--- DATA SHOWN Enclosed Below ---

(* Let $A\overset{i}{\to}U\overset{j}{\to}G$ and $A\overset{i'}{\to}U'\overset{j'}{\to}G$ be extensions of a semilattice of groups $A$ by a group $G$, and let $\pi:U\to S$, $\kappa:S\to G$ and $\pi':U'\to S'$, $\kappa':S'\to G$ be epimorphisms onto inverse semigroups such that $A\overset{i}{\to}U\overset{\pi}{\to}S$ and $A\overset{i'}{\to}U'\overset{\pi'}{\to}S'$ are extensions of $A$ by $S$ and by $S'$ respectively, $j=\kappa\circ\pi$ and $j'=\kappa'\circ\pi'$. Given a homomorphism $\mu:U\to U'$ with $\mu\circ i=i'$ and $j'\circ\mu=j$, there exists a homomorphism $\nu:S\to S'$ such that $\nu\circ\pi=\pi'\circ\mu$ and $\kappa'\circ\nu=\kappa$. Moreover, if $\mu$ is injective then $\nu$ is injective, and if $\mu$ is surjective then $\nu$ is surjective.
   Context: A semilattice of groups is an inverse semigroup whose idempotents are central. An extension of $A$ by a group $G$ is an inverse semigroup $U$ with a monomorphism $i:A\to U$ and an epimorphism $j:U\to G$ with $i(A)=j^{-1}(1)$. An extension of $A$ by an inverse semigroup $S$ is an inverse semigroup $U$ with a monomorphism $i:A\to U$ and an idempotent-separating epimorphism $\pi:U\to S$ with $i(A)=\pi^{-1}(E(S))$. *)

Record InvSemigroup := {
  isg_car :> Type;
  isg_mul : isg_car -> isg_car -> isg_car;
  isg_assoc : forall x y z, isg_mul x (isg_mul y z) = isg_mul (isg_mul x y) z;
  isg_unique_inverse : forall x, exists! y,
      isg_mul (isg_mul x y) x = x /\ isg_mul (isg_mul y x) y = y
}.

Arguments isg_mul {i} _ _.

Record Group := {
  grp_isg :> InvSemigroup;
  grp_one : grp_isg;
  grp_inv : grp_isg -> grp_isg;
  grp_mul1g : forall x, isg_mul grp_one x = x;
  grp_mulg1 : forall x, isg_mul x grp_one = x;
  grp_mulVg : forall x, isg_mul (grp_inv x) x = grp_one;
  grp_mulgV : forall x, isg_mul x (grp_inv x) = grp_one
}.

Definition idempotent {S : InvSemigroup} (x : S) : Prop := isg_mul x x = x.

Definition semilattice_of_groups (S : InvSemigroup) : Prop :=
  forall e x : S, idempotent e -> isg_mul e x = isg_mul x e.

Definition is_hom {S T : InvSemigroup} (f : S -> T) : Prop :=
  forall x y : S, f (isg_mul x y) = isg_mul (f x) (f y).

Definition injective_map {X Y : Type} (f : X -> Y) : Prop :=
  forall x y, f x = f y -> x = y.

Definition surjective_map {X Y : Type} (f : X -> Y) : Prop :=
  forall y, exists x, f x = y.

Definition monomorphism {S T : InvSemigroup} (f : S -> T) : Prop :=
  is_hom f /\ injective_map f.

Definition epimorphism {S T : InvSemigroup} (f : S -> T) : Prop :=
  is_hom f /\ surjective_map f.

Definition idempotent_separating {S T : InvSemigroup} (f : S -> T) : Prop :=
  forall e e' : S, idempotent e -> idempotent e' -> f e = f e' -> e = e'.

Definition group_extension {A U : InvSemigroup} {G : Group}
    (i : A -> U) (j : U -> G) : Prop :=
  monomorphism i /\ epimorphism j /\
  (forall u : U, (exists a, i a = u) <-> j u = grp_one G).

Definition isg_extension {A U S : InvSemigroup}
    (i : A -> U) (pi : U -> S) : Prop :=
  monomorphism i /\ epimorphism pi /\ idempotent_separating pi /\
  (forall u : U, (exists a, i a = u) <-> idempotent (pi u)).

(* Two elements of U have the same image in S exactly when they have the same
   range idempotent u u^-1 and each of u1^-1 u2, u2^-1 u1 lies in i(A): the
   idempotent-separating hypothesis gives the first condition, the kernel
   condition i(A) = pi^-1(E(S)) the second, and commuting idempotents of S give
   the converse.  Since mu preserves inverses and maps i(A) into i'(A), it
   preserves this relation, so pi' o mu factors through pi; when mu is
   injective it also reflects the relation, which makes the factor injective. *)

From Stdlib Require Import ClassicalEpsilon.

Notation "x ** y" := (isg_mul x y) (at level 40, left associativity).

Section InverseSemigroup.

Variable S : InvSemigroup.

Definition inv (x : S) : S :=
  proj1_sig (constructive_indefinite_description _ (isg_unique_inverse S x)).

Lemma inv_spec (x : S) :
  (x ** inv x ** x = x /\ inv x ** x ** inv x = inv x) /\
  (forall y, x ** y ** x = x /\ y ** x ** y = y -> inv x = y).
Proof.
  unfold inv. destruct (constructive_indefinite_description _ _) as [y [Hy Huniq]].
  split; [exact Hy | intros z Hz; exact (Huniq z Hz)].
Qed.

Lemma mul_inv_mul (x : S) : x ** inv x ** x = x.
Proof. apply (inv_spec x). Qed.

Lemma inv_mul_inv (x : S) : inv x ** x ** inv x = inv x.
Proof. apply (inv_spec x). Qed.

Lemma inv_unique (x y : S) : x ** y ** x = x -> y ** x ** y = y -> inv x = y.
Proof. intros; apply (inv_spec x); auto. Qed.

Lemma inv_idem (e : S) : idempotent e -> inv e = e.
Proof. unfold idempotent; intro He. apply inv_unique; rewrite !He; reflexivity. Qed.

Lemma idem_mul_inv (x : S) : idempotent (x ** inv x).
Proof. unfold idempotent. rewrite isg_assoc, mul_inv_mul. reflexivity. Qed.

Lemma idem_inv_mul (x : S) : idempotent (inv x ** x).
Proof. unfold idempotent. rewrite isg_assoc, inv_mul_inv. reflexivity. Qed.

(* The inverse x of e f is f x e, hence idempotent, and then e f = inv x = x. *)
Lemma idem_mul (e f : S) : idempotent e -> idempotent f -> idempotent (e ** f).
Proof.
  unfold idempotent; intros He Hf.
  set (x := inv (e ** f)).
  assert (Hx1 : e ** f ** x ** (e ** f) = e ** f) by apply mul_inv_mul.
  assert (Hx2 : x ** (e ** f) ** x = x) by apply inv_mul_inv.
  assert (Hx : x = f ** x ** e).
  { apply inv_unique.
    - transitivity (e ** (f ** f) ** x ** (e ** e) ** f); [rewrite !isg_assoc; reflexivity|].
      rewrite He, Hf. rewrite <- Hx1 at 2. rewrite !isg_assoc; reflexivity.
    - transitivity (f ** (x ** (e ** f) ** x) ** e); [|rewrite Hx2; reflexivity].
      transitivity (f ** x ** (e ** e) ** (f ** f) ** x ** e); [rewrite !isg_assoc; reflexivity|].
      rewrite He, Hf, !isg_assoc; reflexivity. }
  assert (Hxx : x ** x = x).
  { rewrite Hx at 1 2. transitivity (f ** (x ** (e ** f) ** x) ** e).
    - rewrite !isg_assoc; reflexivity.
    - rewrite Hx2, <- Hx. reflexivity. }
  assert (Hinvx : inv x = e ** f) by (apply inv_unique; assumption).
  rewrite inv_idem in Hinvx by exact Hxx. rewrite <- Hinvx. exact Hxx.
Qed.

Lemma idem_comm (e f : S) : idempotent e -> idempotent f -> e ** f = f ** e.
Proof.
  intros He Hf.
  assert (Hef := idem_mul e f He Hf). assert (Hfe := idem_mul f e Hf He).
  unfold idempotent in *.
  rewrite <- (inv_idem (e ** f)) by exact Hef.
  apply inv_unique.
  - transitivity (e ** (f ** f) ** (e ** e) ** f); [rewrite !isg_assoc; reflexivity|].
    rewrite He, Hf. transitivity (e ** f ** (e ** f)); [rewrite !isg_assoc; reflexivity | exact Hef].
  - transitivity (f ** (e ** e) ** (f ** f) ** e); [rewrite !isg_assoc; reflexivity|].
    rewrite He, Hf. transitivity (f ** e ** (f ** e)); [rewrite !isg_assoc; reflexivity | exact Hfe].
Qed.

End InverseSemigroup.

Arguments inv {S} x.

Lemma hom_inv {S T : InvSemigroup} (f : S -> T) (x : S) :
  is_hom f -> f (inv x) = inv (f x).
Proof.
  intro Hf. symmetry.
  apply inv_unique; rewrite <- !Hf; [rewrite mul_inv_mul | rewrite inv_mul_inv]; reflexivity.
Qed.

Lemma hom_eq_of_range_idem {U S : InvSemigroup} (p : U -> S) (u1 u2 : U) :
  is_hom p -> u1 ** inv u1 = u2 ** inv u2 ->
  idempotent (p (inv u1 ** u2)) -> idempotent (p (inv u2 ** u1)) ->
  p u1 = p u2.
Proof.
  intros Hp E Hf Hf'.
  set (f := p (inv u1 ** u2)) in *. set (f' := p (inv u2 ** u1)) in *.
  assert (Hu2 : p u2 = p u1 ** f).
  { unfold f. rewrite <- Hp, isg_assoc, E, mul_inv_mul. reflexivity. }
  assert (Hu1 : p u1 = p u2 ** f').
  { unfold f'. rewrite <- Hp, isg_assoc, <- E, mul_inv_mul. reflexivity. }
  assert (Hu1f' : p u1 ** f' = p u1).
  { rewrite Hu1 at 1. rewrite <- isg_assoc, Hf'. symmetry; exact Hu1. }
  rewrite Hu1 at 1. rewrite Hu2, <- isg_assoc, (idem_comm S f f' Hf Hf'), isg_assoc, Hu1f'.
  reflexivity.
Qed.

Definition in_image {X Y : Type} (f : X -> Y) (y : Y) : Prop := exists x, f x = y.

Definition ext_related {A U : InvSemigroup} (i : A -> U) (u1 u2 : U) : Prop :=
  u1 ** inv u1 = u2 ** inv u2 /\ in_image i (inv u1 ** u2) /\ in_image i (inv u2 ** u1).

Lemma isg_extension_eq_iff {A U S : InvSemigroup} (i : A -> U) (pi : U -> S) (u1 u2 : U) :
  isg_extension i pi -> pi u1 = pi u2 <-> ext_related i u1 u2.
Proof.
  intros [_ [[Hpi _] [Hsep Hker]]].
  assert (Hdiv : forall v1 v2, pi v1 = pi v2 -> in_image i (inv v1 ** v2)).
  { intros v1 v2 E. apply Hker. rewrite Hpi, hom_inv, E by exact Hpi. apply idem_inv_mul. }
  split.
  - intro E. split; [|split; apply Hdiv; [exact E | symmetry; exact E]].
    apply Hsep; try apply idem_mul_inv.
    rewrite !Hpi, (hom_inv pi u1), (hom_inv pi u2), E by exact Hpi. reflexivity.
  - intros [E [H12 H21]].
    apply hom_eq_of_range_idem; [exact Hpi | exact E | apply Hker; exact H12 | apply Hker; exact H21].
Qed.

Section ExtensionMorphism.

Variables (A U U' : InvSemigroup) (i : A -> U) (i' : A -> U') (mu : U -> U').
Hypotheses (Hmu : is_hom mu) (Hmui : forall a, mu (i a) = i' a).

Lemma in_image_hom (u : U) : in_image i u -> in_image i' (mu u).
Proof. intros [a <-]. exists a. symmetry; apply Hmui. Qed.

Lemma ext_related_hom (u1 u2 : U) : ext_related i u1 u2 -> ext_related i' (mu u1) (mu u2).
Proof.
  intros [E [H12 H21]].
  split; [|split]; rewrite <- ?hom_inv, <- ?Hmu by exact Hmu.
  - rewrite E. reflexivity.
  - apply in_image_hom; exact H12.
  - apply in_image_hom; exact H21.
Qed.

Hypothesis Hmu_inj : injective_map mu.

Lemma in_image_inj (u : U) : in_image i' (mu u) -> in_image i u.
Proof. intros [a Ha]. exists a. apply Hmu_inj. rewrite Hmui. exact Ha. Qed.

Lemma ext_related_inj (u1 u2 : U) : ext_related i' (mu u1) (mu u2) -> ext_related i u1 u2.
Proof.
  intros [E [H12 H21]]. rewrite <- !hom_inv, <- !Hmu in * by exact Hmu.
  split; [|split].
  - apply Hmu_inj; exact E.
  - apply in_image_inj; exact H12.
  - apply in_image_inj; exact H21.
Qed.

End ExtensionMorphism.

Lemma factor_through_surjection {X Y Z : Type} (p : X -> Y) (f : X -> Z) :
  surjective_map p -> (forall x1 x2, p x1 = p x2 -> f x1 = f x2) ->
  exists g : Y -> Z, forall x, g (p x) = f x.
Proof.
  intros Hp Hf.
  exists (fun y => f (proj1_sig (constructive_indefinite_description _ (Hp y)))).
  intro x. destruct (constructive_indefinite_description _ _) as [x' Hx']. simpl.
  apply Hf; exact Hx'.
Qed.

Section Factor.

Variables (X Y Z : Type) (p : X -> Y) (f : X -> Z) (g : Y -> Z).
Hypotheses (Hp : surjective_map p) (Hg : forall x, g (p x) = f x).

Lemma factor_injective :
  (forall x1 x2, f x1 = f x2 -> p x1 = p x2) -> injective_map g.
Proof.
  intros Hf y1 y2. destruct (Hp y1) as [x1 <-], (Hp y2) as [x2 <-].
  rewrite !Hg. apply Hf.
Qed.

Lemma factor_surjective : surjective_map f -> surjective_map g.
Proof. intros Hf z. destruct (Hf z) as [x <-]. exists (p x). apply Hg. Qed.

End Factor.

Lemma factor_is_hom {U S T : InvSemigroup} (p : U -> S) (f : U -> T) (g : S -> T) :
  epimorphism p -> is_hom f -> (forall u, g (p u) = f u) -> is_hom g.
Proof.
  intros [Hp Hsurj] Hf Hg s1 s2.
  destruct (Hsurj s1) as [u1 <-], (Hsurj s2) as [u2 <-].
  rewrite <- Hp, !Hg. apply Hf.
Qed.

Theorem proposition4p6
  (A U U' S S' : InvSemigroup) (G : Group)
  (i : A -> U) (j : U -> G) (i' : A -> U') (j' : U' -> G)
  (pi : U -> S) (kappa : S -> G) (pi' : U' -> S') (kappa' : S' -> G)
  (mu : U -> U')
  (hA : semilattice_of_groups A)
  (hext : group_extension i j) (hext' : group_extension i' j')
  (hpi : epimorphism pi) (hkappa : epimorphism kappa)
  (hpi' : epimorphism pi') (hkappa' : epimorphism kappa')
  (hS : isg_extension i pi) (hS' : isg_extension i' pi')
  (hj : forall u, j u = kappa (pi u)) (hj' : forall u, j' u = kappa' (pi' u))
  (hmu : is_hom mu) (hmui : forall a, mu (i a) = i' a)
  (hmuj : forall u, j' (mu u) = j u) :
  exists nu : S -> S',
    is_hom nu /\
    (forall u, nu (pi u) = pi' (mu u)) /\
    (forall s, kappa' (nu s) = kappa s) /\
    (injective_map mu -> injective_map nu) /\
    (surjective_map mu -> surjective_map nu).
Proof.
  assert (Hcompat : forall u1 u2, pi u1 = pi u2 -> pi' (mu u1) = pi' (mu u2)).
  { intros u1 u2. rewrite (isg_extension_eq_iff i pi), (isg_extension_eq_iff i' pi') by assumption.
    apply ext_related_hom; assumption. }
  destruct (factor_through_surjection pi (fun u => pi' (mu u)) (proj2 hpi) Hcompat) as [nu Hnu].
  exists nu. split; [|split; [exact Hnu | split; [|split]]].
  - apply (factor_is_hom pi (fun u => pi' (mu u))); [exact hpi | | exact Hnu].
    intros u1 u2. rewrite hmu. apply (proj1 hpi').
  - intro s. destruct (proj2 hpi s) as [u <-]. rewrite Hnu, <- hj', hmuj, hj. reflexivity.
  - intro Hinj. apply (factor_injective _ _ _ pi (fun u => pi' (mu u))); [exact (proj2 hpi) | exact Hnu |].
    intros u1 u2. rewrite (isg_extension_eq_iff i pi), (isg_extension_eq_iff i' pi') by assumption.
    apply ext_related_inj; assumption.
  - intros Hsurj. apply (factor_surjective _ _ _ pi (fun u => pi' (mu u))); [exact Hnu |].
    intro s'. destruct (proj2 hpi' s') as [u' <-], (Hsurj u') as [u <-]. exists u. reflexivity.
Qed.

--- End of Enclosed DATA SHOWN ---

### YOUR TASK
Once you find the line with "intros Hf y1" above, print it and every line after it up to and including the line with "apply ext_related_inj; assumption.", exactly as written and nothing else.

### TASK ANSWER
  intros Hf y1 y2. destruct (Hp y1) as [x1 <-], (Hp y2) as [x2 <-].
  rewrite !Hg. apply Hf.
Qed.

Lemma factor_surjective : surjective_map f -> surjective_map g.
Proof. intros Hf z. destruct (Hf z) as [x <-]. exists (p x). apply Hg. Qed.

End Factor.

Lemma factor_is_hom {U S T : InvSemigroup} (p : U -> S) (f : U -> T) (g : S -> T) :
  epimorphism p -> is_hom f -> (forall u, g (p u) = f u) -> is_hom g.
Proof.
  intros [Hp Hsurj] Hf Hg s1 s2.
  destruct (Hsurj s1) as [u1 <-], (Hsurj s2) as [u2 <-].
  rewrite <- Hp, !Hg. apply Hf.
Qed.

Theorem proposition4p6
  (A U U' S S' : InvSemigroup) (G : Group)
  (i : A -> U) (j : U -> G) (i' : A -> U') (j' : U' -> G)
  (pi : U -> S) (kappa : S -> G) (pi' : U' -> S') (kappa' : S' -> G)
  (mu : U -> U')
  (hA : semilattice_of_groups A)
  (hext : group_extension i j) (hext' : group_extension i' j')
  (hpi : epimorphism pi) (hkappa : epimorphism kappa)
  (hpi' : epimorphism pi') (hkappa' : epimorphism kappa')
  (hS : isg_extension i pi) (hS' : isg_extension i' pi')
  (hj : forall u, j u = kappa (pi u)) (hj' : forall u, j' u = kappa' (pi' u))
  (hmu : is_hom mu) (hmui : forall a, mu (i a) = i' a)
  (hmuj : forall u, j' (mu u) = j u) :
  exists nu : S -> S',
    is_hom nu /\
    (forall u, nu (pi u) = pi' (mu u)) /\
    (forall s, kappa' (nu s) = kappa s) /\
    (injective_map mu -> injective_map nu) /\
    (surjective_map mu -> surjective_map nu).
Proof.
  assert (Hcompat : forall u1 u2, pi u1 = pi u2 -> pi' (mu u1) = pi' (mu u2)).
  { intros u1 u2. rewrite (isg_extension_eq_iff i pi), (isg_extension_eq_iff i' pi') by assumption.
    apply ext_related_hom; assumption. }
  destruct (factor_through_surjection pi (fun u => pi' (mu u)) (proj2 hpi) Hcompat) as [nu Hnu].
  exists nu. split; [|split; [exact Hnu | split; [|split]]].
  - apply (factor_is_hom pi (fun u => pi' (mu u))); [exact hpi | | exact Hnu].
    intros u1 u2. rewrite hmu. apply (proj1 hpi').
  - intro s. destruct (proj2 hpi s) as [u <-]. rewrite Hnu, <- hj', hmuj, hj. reflexivity.
  - intro Hinj. apply (factor_injective _ _ _ pi (fun u => pi' (mu u))); [exact (proj2 hpi) | exact Hnu |].
    intros u1 u2. rewrite (isg_extension_eq_iff i pi), (isg_extension_eq_iff i' pi') by assumption.
    apply ext_related_inj; assumption.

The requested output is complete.